PROBLEM TO SOLVE =>
Every record is to be printed exactly as it appears.

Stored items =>
__________

(* Every $x\in\mathscr X$ admits the continuous quadratic variation $\langle x\rangle_t=t$, $t\in[0,1]$, along the sequence of dyadic partitions $\mathbb T_n=\{k2^{-n}: k=0,\dots,2^n\}$, $n\ge1$.
   Context: The Faber--Schauder functions are $e_{0,0}(t):=(\min\{t,1-t\})^+$ and $e_{m,k}(t):=2^{-m/2}e_{0,0}(2^m t-k)$ for $t\in\mathbb R$, $m\ge1$, $k\in\mathbb Z$. $\mathscr X$ denotes the set of all functions $x\in C[0,1]$ of the form $x=\sum_{m=0}^\infty\sum_{k=0}^{2^m-1}\theta_{m,k}e_{m,k}$ (uniformly convergent series) with $\theta_{m,k}\in\{-1,+1\}$. For a partition $\mathbb T$ of $[0,1]$ and $t\in\mathbb T$, the successor $t'$ is $\min\{u\in\mathbb T:u>t\}$ if $t<1$ and $t'=1$ if $t=1$. For $x\in C[0,1]$ set $\langle x\rangle^n_t:=\sum_{s\in\mathbb T_n,\,s\le t}(x(s')-x(s))^2$. The function $x$ admits the continuous quadratic variation $\langle x\rangle$ along $(\mathbb T_n)$ if $\langle x\rangle_t:=\lim_{n\to\infty}\langle x\rangle^n_t$ exists for all $t\in[0,1]$ and $t\mapsto\langle x\rangle_t$ is continuous. *)

From Stdlib Require Import Reals Lra.
From Coquelicot Require Import Coquelicot.
Open Scope R_scope.

Definition e00 (t : R) : R := Rmax 0 (Rmin t (1 - t)).

Definition schauder (m k : nat) (t : R) : R :=
  / sqrt (2 ^ m) * e00 (2 ^ m * t - INR k).

Definition schauder_partial (theta : nat -> nat -> R) (M : nat) (t : R) : R :=
  sum_f_R0 (fun m => sum_f_R0 (fun k => theta m k * schauder m k t) (2 ^ m - 1)%nat) M.

Definition continuous_on01 (f : R -> R) : Prop :=
  forall t, 0 <= t <= 1 -> forall eps, 0 < eps -> exists delta, 0 < delta /\
    forall s, 0 <= s <= 1 -> Rabs (s - t) < delta -> Rabs (f s - f t) < eps.

Definition in_X (x : R -> R) : Prop :=
  continuous_on01 x /\
  exists theta : nat -> nat -> R,
    (forall m k, theta m k = 1 \/ theta m k = -1) /\
    (forall eps, 0 < eps -> exists N : nat, forall M : nat, (N <= M)%nat ->
       forall t, 0 <= t <= 1 -> Rabs (schauder_partial theta M t - x t) < eps).

(* A sequence of partitions of [0,1]: the n-th partition is
   {pts n 0 < pts n 1 < ... < pts n (card n)} with pts n 0 = 0, pts n (card n) = 1.
   The successor of pts n i is pts n (i+1) for i < card n, and 1 for i = card n. *)
Definition qv_n (pts : nat -> nat -> R) (card : nat -> nat) (x : R -> R)
  (n : nat) (t : R) : R :=
  sum_f_R0 (fun i =>
     if Rle_dec (pts n i) t
     then (x (pts n (Nat.min (S i) (card n))) - x (pts n i)) ^ 2
     else 0) (card n).

Definition has_cont_qv (pts : nat -> nat -> R) (card : nat -> nat)
  (x : R -> R) (q : R -> R) : Prop :=
  (forall t, 0 <= t <= 1 -> is_lim_seq (fun n => qv_n pts card x n t) (q t)) /\
  continuous_on01 q.

Definition dyadic_pts (n k : nat) : R := INR k / 2 ^ n.
Definition dyadic_card (n : nat) : nat := (2 ^ n)%nat.

(* At a dyadic point of level n every Faber--Schauder function of level >= n
   vanishes, while those of lower level are affine between neighbouring points of
   level n.  Hence x at the midpoint of a dyadic interval of level n is the mean of
   its values at the endpoints plus c = theta_{n,j} 2^{-n/2} / 2, so an increment d
   of level n splits into the two increments d/2 + c and d/2 - c of level n+1,
   whose squares add up to d^2/2 + 2^{-(n+1)}.  The error
   E_n(J) = sum_{j<J} d_{n,j}^2 - J 2^{-n} is therefore halved from one level to
   the next, up to one squared increment of size O(2^{-n}); so E_n = O(n 2^{-n})
   uniformly in J, and choosing J 2^{-n} within 2^{-n} of t gives <x>^n_t -> t. *)

From Stdlib Require Import Reals Lra Lia ZArith.
From Coquelicot Require Import Coquelicot.
Open Scope R_scope.

Lemma e00_IZR (z : Z) : e00 (IZR z) = 0.
Proof.
  unfold e00, Rmax, Rmin.
  destruct (Z_le_gt_dec z 0) as [Hz | Hz].
  - apply IZR_le in Hz. repeat destruct Rle_dec; lra.
  - assert (H1 : (1 <= z)%Z) by lia. apply IZR_le in H1.
    repeat destruct Rle_dec; lra.
Qed.

Lemma e00_IZR_add_half (z : Z) :
  e00 (IZR z + / 2) = if Z.eq_dec z 0 then / 2 else 0.
Proof.
  unfold e00, Rmax, Rmin.
  destruct (Z.eq_dec z 0) as [-> | Hz]; [repeat destruct Rle_dec; lra |].
  destruct (Z_le_gt_dec z 0) as [Hneg | Hpos].
  - assert (H1 : (z <= -1)%Z) by lia. apply IZR_le in H1.
    repeat destruct Rle_dec; lra.
  - assert (H1 : (1 <= z)%Z) by lia. apply IZR_le in H1.
    repeat destruct Rle_dec; lra.
Qed.

(* [e00] is affine away from its kinks [0], [1/2] and [1]. *)
Lemma e00_midpoint (u v : R) : u <= v ->
  v <= 0 \/ (0 <= u /\ v <= / 2) \/ (/ 2 <= u /\ v <= 1) \/ 1 <= u ->
  e00 ((u + v) / 2) = (e00 u + e00 v) / 2.
Proof. intros Huv Hpiece. unfold e00, Rmax, Rmin. repeat destruct Rle_dec; lra. Qed.

(* The kinks of [e00] lie on the grid of mesh [1/(2W)]. *)
Lemma e00_midpoint_grid (z W : Z) : (1 <= W)%Z ->
  e00 ((IZR z + / 2) / (2 * IZR W)) =
  (e00 (IZR z / (2 * IZR W)) + e00 (IZR (z + 1) / (2 * IZR W))) / 2.
Proof.
  intros HW. apply IZR_le in HW.
  set (s := 2 * IZR W).
  assert (Hs : 0 < s) by (unfold s; lra).
  assert (Hle : forall a b, a <= b * s -> a / s <= b)
    by (intros a b Hab; apply Rle_div_l; lra).
  assert (Hge : forall a b, b * s <= a -> b <= a / s)
    by (intros a b Hab; apply Rle_div_r; lra).
  replace ((IZR z + / 2) / s) with ((IZR z / s + IZR (z + 1) / s) / 2)
    by (rewrite plus_IZR; field; lra).
  apply e00_midpoint.
  { apply Rmult_le_compat_r; [left; apply Rinv_0_lt_compat; lra | rewrite plus_IZR; lra]. }
  assert (Hcases : (z + 1 <= 0 \/ (0 <= z /\ z + 1 <= W) \/
                     (W <= z /\ z + 1 <= 2 * W) \/ 2 * W <= z)%Z) by lia.
  destruct Hcases as [H | [[H H'] | [[H H'] | H]]];
    [left | right; left | right; right; left | right; right; right];
    repeat match goal with H : (_ <= _)%Z |- _ => apply IZR_le in H end;
    rewrite ?plus_IZR, ?mult_IZR in *;
    repeat split; first [apply Hle | apply Hge]; unfold s; lra.
Qed.

Lemma pow2_pos (n : nat) : 0 < 2 ^ n.
Proof. apply pow_lt; lra. Qed.

Lemma div_le_div_r (a b p : R) : 0 < p -> a <= b -> a / p <= b / p.
Proof. intros Hp Hab. apply Rmult_le_compat_r; [left; apply Rinv_0_lt_compat |]; lra. Qed.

__________

EXPECTED ANSWER =>
(* Every $x\in\mathscr X$ admits the continuous quadratic variation $\langle x\rangle_t=t$, $t\in[0,1]$, along the sequence of dyadic partitions $\mathbb T_n=\{k2^{-n}: k=0,\dots,2^n\}$, $n\ge1$.
   Context: The Faber--Schauder functions are $e_{0,0}(t):=(\min\{t,1-t\})^+$ and $e_{m,k}(t):=2^{-m/2}e_{0,0}(2^m t-k)$ for $t\in\mathbb R$, $m\ge1$, $k\in\mathbb Z$. $\mathscr X$ denotes the set of all functions $x\in C[0,1]$ of the form $x=\sum_{m=0}^\infty\sum_{k=0}^{2^m-1}\theta_{m,k}e_{m,k}$ (uniformly convergent series) with $\theta_{m,k}\in\{-1,+1\}$. For a partition $\mathbb T$ of $[0,1]$ and $t\in\mathbb T$, the successor $t'$ is $\min\{u\in\mathbb T:u>t\}$ if $t<1$ and $t'=1$ if $t=1$. For $x\in C[0,1]$ set $\langle x\rangle^n_t:=\sum_{s\in\mathbb T_n,\,s\le t}(x(s')-x(s))^2$. The function $x$ admits the continuous quadratic variation $\langle x\rangle$ along $(\mathbb T_n)$ if $\langle x\rangle_t:=\lim_{n\to\infty}\langle x\rangle^n_t$ exists for all $t\in[0,1]$ and $t\mapsto\langle x\rangle_t$ is continuous. *)

From Stdlib Require Import Reals Lra.
From Coquelicot Require Import Coquelicot.
Open Scope R_scope.

Definition e00 (t : R) : R := Rmax 0 (Rmin t (1 - t)).

Definition schauder (m k : nat) (t : R) : R :=
  / sqrt (2 ^ m) * e00 (2 ^ m * t - INR k).

Definition schauder_partial (theta : nat -> nat -> R) (M : nat) (t : R) : R :=
  sum_f_R0 (fun m => sum_f_R0 (fun k => theta m k * schauder m k t) (2 ^ m - 1)%nat) M.

Definition continuous_on01 (f : R -> R) : Prop :=
  forall t, 0 <= t <= 1 -> forall eps, 0 < eps -> exists delta, 0 < delta /\
    forall s, 0 <= s <= 1 -> Rabs (s - t) < delta -> Rabs (f s - f t) < eps.

Definition in_X (x : R -> R) : Prop :=
  continuous_on01 x /\
  exists theta : nat -> nat -> R,
    (forall m k, theta m k = 1 \/ theta m k = -1) /\
    (forall eps, 0 < eps -> exists N : nat, forall M : nat, (N <= M)%nat ->
       forall t, 0 <= t <= 1 -> Rabs (schauder_partial theta M t - x t) < eps).

(* A sequence of partitions of [0,1]: the n-th partition is
   {pts n 0 < pts n 1 < ... < pts n (card n)} with pts n 0 = 0, pts n (card n) = 1.
   The successor of pts n i is pts n (i+1) for i < card n, and 1 for i = card n. *)
Definition qv_n (pts : nat -> nat -> R) (card : nat -> nat) (x : R -> R)
  (n : nat) (t : R) : R :=
  sum_f_R0 (fun i =>
     if Rle_dec (pts n i) t
     then (x (pts n (Nat.min (S i) (card n))) - x (pts n i)) ^ 2
     else 0) (card n).

Definition has_cont_qv (pts : nat -> nat -> R) (card : nat -> nat)
  (x : R -> R) (q : R -> R) : Prop :=
  (forall t, 0 <= t <= 1 -> is_lim_seq (fun n => qv_n pts card x n t) (q t)) /\
  continuous_on01 q.

Definition dyadic_pts (n k : nat) : R := INR k / 2 ^ n.
Definition dyadic_card (n : nat) : nat := (2 ^ n)%nat.

(* At a dyadic point of level n every Faber--Schauder function of level >= n
   vanishes, while those of lower level are affine between neighbouring points of
   level n.  Hence x at the midpoint of a dyadic interval of level n is the mean of
   its values at the endpoints plus c = theta_{n,j} 2^{-n/2} / 2, so an increment d
   of level n splits into the two increments d/2 + c and d/2 - c of level n+1,
   whose squares add up to d^2/2 + 2^{-(n+1)}.  The error
   E_n(J) = sum_{j<J} d_{n,j}^2 - J 2^{-n} is therefore halved from one level to
   the next, up to one squared increment of size O(2^{-n}); so E_n = O(n 2^{-n})
   uniformly in J, and choosing J 2^{-n} within 2^{-n} of t gives <x>^n_t -> t. *)

From Stdlib Require Import Reals Lra Lia ZArith.
From Coquelicot Require Import Coquelicot.
Open Scope R_scope.

Lemma e00_IZR (z : Z) : e00 (IZR z) = 0.
Proof.
  unfold e00, Rmax, Rmin.
  destruct (Z_le_gt_dec z 0) as [Hz | Hz].
  - apply IZR_le in Hz. repeat destruct Rle_dec; lra.
  - assert (H1 : (1 <= z)%Z) by lia. apply IZR_le in H1.
    repeat destruct Rle_dec; lra.
Qed.

Lemma e00_IZR_add_half (z : Z) :
  e00 (IZR z + / 2) = if Z.eq_dec z 0 then / 2 else 0.
Proof.
  unfold e00, Rmax, Rmin.
  destruct (Z.eq_dec z 0) as [-> | Hz]; [repeat destruct Rle_dec; lra |].
  destruct (Z_le_gt_dec z 0) as [Hneg | Hpos].
  - assert (H1 : (z <= -1)%Z) by lia. apply IZR_le in H1.
    repeat destruct Rle_dec; lra.
  - assert (H1 : (1 <= z)%Z) by lia. apply IZR_le in H1.
    repeat destruct Rle_dec; lra.
Qed.

(* [e00] is affine away from its kinks [0], [1/2] and [1]. *)
Lemma e00_midpoint (u v : R) : u <= v ->
  v <= 0 \/ (0 <= u /\ v <= / 2) \/ (/ 2 <= u /\ v <= 1) \/ 1 <= u ->
  e00 ((u + v) / 2) = (e00 u + e00 v) / 2.
Proof. intros Huv Hpiece. unfold e00, Rmax, Rmin. repeat destruct Rle_dec; lra. Qed.

(* The kinks of [e00] lie on the grid of mesh [1/(2W)]. *)
Lemma e00_midpoint_grid (z W : Z) : (1 <= W)%Z ->
  e00 ((IZR z + / 2) / (2 * IZR W)) =
  (e00 (IZR z / (2 * IZR W)) + e00 (IZR (z + 1) / (2 * IZR W))) / 2.
Proof.
  intros HW. apply IZR_le in HW.
  set (s := 2 * IZR W).
  assert (Hs : 0 < s) by (unfold s; lra).
  assert (Hle : forall a b, a <= b * s -> a / s <= b)
    by (intros a b Hab; apply Rle_div_l; lra).
  assert (Hge : forall a b, b * s <= a -> b <= a / s)
    by (intros a b Hab; apply Rle_div_r; lra).
  replace ((IZR z + / 2) / s) with ((IZR z / s + IZR (z + 1) / s) / 2)
    by (rewrite plus_IZR; field; lra).
  apply e00_midpoint.
  { apply Rmult_le_compat_r; [left; apply Rinv_0_lt_compat; lra | rewrite plus_IZR; lra]. }
  assert (Hcases : (z + 1 <= 0 \/ (0 <= z /\ z + 1 <= W) \/
                     (W <= z /\ z + 1 <= 2 * W) \/ 2 * W <= z)%Z) by lia.
  destruct Hcases as [H | [[H H'] | [[H H'] | H]]];
    [left | right; left | right; right; left | right; right; right];
    repeat match goal with H : (_ <= _)%Z |- _ => apply IZR_le in H end;
    rewrite ?plus_IZR, ?mult_IZR in *;
    repeat split; first [apply Hle | apply Hge]; unfold s; lra.
Qed.

Lemma pow2_pos (n : nat) : 0 < 2 ^ n.
Proof. apply pow_lt; lra. Qed.

Lemma div_le_div_r (a b p : R) : 0 < p -> a <= b -> a / p <= b / p.
Proof. intros Hp Hab. apply Rmult_le_compat_r; [left; apply Rinv_0_lt_compat |]; lra. Qed.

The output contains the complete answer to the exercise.